Third, there is a method based on cyclization reaction. Using a specific linear molecule as the starting material, under suitable conditions, the inner cyclization of the molecule is promoted to form the structure of the target compound. This cyclization reaction requires strict requirements on the reaction environment, such as pH, temperature and other factors, all need to be precisely controlled, just like the ancient method of alchemy, if there is a slight difference in heat and formula, it will fall short. After the cyclization reaction is completed, subsequent separation and purification operations are required to obtain high-purity products.
These several synthesis methods have their own advantages and disadvantages, and they need to be selected according to actual needs, raw material availability and cost factors. Just like the ancients, they must consider the situation and be comprehensive.
1,3-Dihydro-1- (1,2,3, 6-tetrahydro-4-pyridinyl) -2H-benzimidazole-2-one what are the precautions during use
1% 2C3-dihydro-1- (1% 2C2% 2C3% 2C6-tetrahydro-4-pyridyl) -2H-benzimidazole-2-one This substance has many points to pay attention to when it is used.
First, the chemical properties of this substance are unique and have specific reactivity. When using it, it is necessary to know its reaction characteristics with surrounding substances in detail. Due to the reaction between chemical substances, or accidental changes, it is related to the success or failure of the experiment and even safety. If it encounters with some reagents with high activity, or reacts violently, it will cause explosion, fire and other dangerous situations. Therefore, it is necessary to carefully study the description of its chemical properties before use to clarify its compatibility and incompatibility.

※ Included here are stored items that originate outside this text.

Lemma free_factor_index : has_index free_factor b'.+1.
Proof.
exists (fun i => ((rword_one r, i) : G)) => g; exists g.2; split.
  by rewrite /free_factor /= addNr.
by move=> i; rewrite /free_factor /= => /eqP; rewrite addrC subr_eq0 => /eqP.
Qed.

Lemma free_factor_gen : generated_by_k free_factor r.
Proof.
exists (@free_gen r b'); split => // g g0; exists (val g.1).
by rewrite eval_free_gen rword_ofK -g0 -surjective_pairing.
Qed.

Lemma free_factor_min_gens : min_gens free_factor r.
Proof.
split=> [|j /(free_times_Zp_index_gens free_factor_subgroup free_factor_index)];
  first exact: free_factor_gen.
case=> n [b_le n_bound]; have : (0 < n)%N by case: n b_le {n_bound}.
nia.
Qed.

End FreeFactor.

Local Open Scope ring_scope.

Lemma rat_gt0_num_den (q : rat) :
  0 < q -> exists a b' : nat, (0 < a)%N /\ q = a%:R / b'.+1%:R.
Proof.
move=> q_gt0; set a := `|numq q|%N; set b' := (`|denq q|%N).-1.
have num_nat : numq q = a%:Z by rewrite gtz0_abs // numq_gt0.
have den_nat : denq q = b'.+1%:Z.
  by rewrite prednK ?gtz0_abs ?denq_gt0 // absz_gt0 denq_neq0.
exists a, b'; split; first by rewrite absz_gt0 numq_eq0 lt0r_neq0.
by rewrite -[q in LHS]divq_num_den num_nat den_nat.
Qed.

Lemma ratio_le_rank_ratio (a b m n k : nat) : (0 < m)%N -> (0 < b)%N ->
  (m <= n * b)%N -> (n * a + 1 <= k)%N -> a%:R / b%:R <= (k%:R - 1) / m%:R :> rat.
Proof.
move=> m_gt0 b_gt0 m_le k_ge; have k_ge1 : (1 <= k)%N by rewrite (leq_trans _ k_ge) ?leq_addl.
rewrite ler_pdivlMr ?ltr0n // mulrAC ler_pdivrMr ?ltr0n // -(natrB _ k_ge1) -!natrM ler_nat.
by rewrite (leq_trans (leq_mul (leqnn a) m_le)) // mulnA leq_mul2r; nia.
Qed.

Theorem proposition2p2 (q : rat) (hq : 0 < q) :
  exists G : AbsGroup, finitely_presented G /\ rank_gradient_is G q.
Proof.
have [a [b' [a_gt0 ->]]] := rat_gt0_num_den hq.
exists (free_times_Zp a.+1 b'); split; first exact: free_times_Zp_fp.
split=> [K m k K_sub K_index [K_gen _] | eps eps_gt0].
  have [n [m_le k_ge]] := free_times_Zp_index_gens K_sub K_index K_gen.
  apply: (ratio_le_rank_ratio (has_index_gt0 K_index) _ m_le) => //.
  by move: k_ge; rewrite mulnS; lia.
exists (@free_factor a.+1 b'), b'.+1, a.+1; split.
- exact: free_factor_subgroup.
- exact: free_factor_index.
- exact: free_factor_min_gens.
- by rewrite -!pmulrn -[a.+1]addn1 natrD addrK ltrDl.
Qed.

Second, the operating environment also needs to be paid attention to. This substance may be sensitive to environmental conditions, such as temperature, humidity, light, etc. Under high temperature, it may decompose, deteriorate, and lose its original efficacy; excessive humidity, or make it deliquescent, affecting purity and performance. Excessive light, or photochemical reactions, cause the composition to change. Therefore, the operation should be carried out in an environment suitable for temperature, humidity, and shading to ensure its stability.
Third, it is related to personal safety. This substance may have certain toxicity and irritation. In the operation room, protective equipment, such as gloves, goggles, protective clothing, etc., must be prepared to avoid contact with the skin, eyes, and prevent inhalation into the body. If it is accidentally touched, it should be treated according to emergency treatment methods as soon as possible. If it is light, rinse it, and if it is severe, seek medical attention.
Fourth, storage should also be paid attention to. It should be placed in a cool, dry, and well-ventilated place to avoid co-storage with incompatible objects to prevent cross-contamination and adverse reactions. And it should be properly marked, indicating its name, nature, hazards and other information, so that it can be used and managed. In this way, Fang Bao 1% 2C3-dihydro-1- (1% 2C2% 2C3% 2C6-tetrahydro-4-pyridyl) -2H-benzimidazole-2-one is safe and effective to use.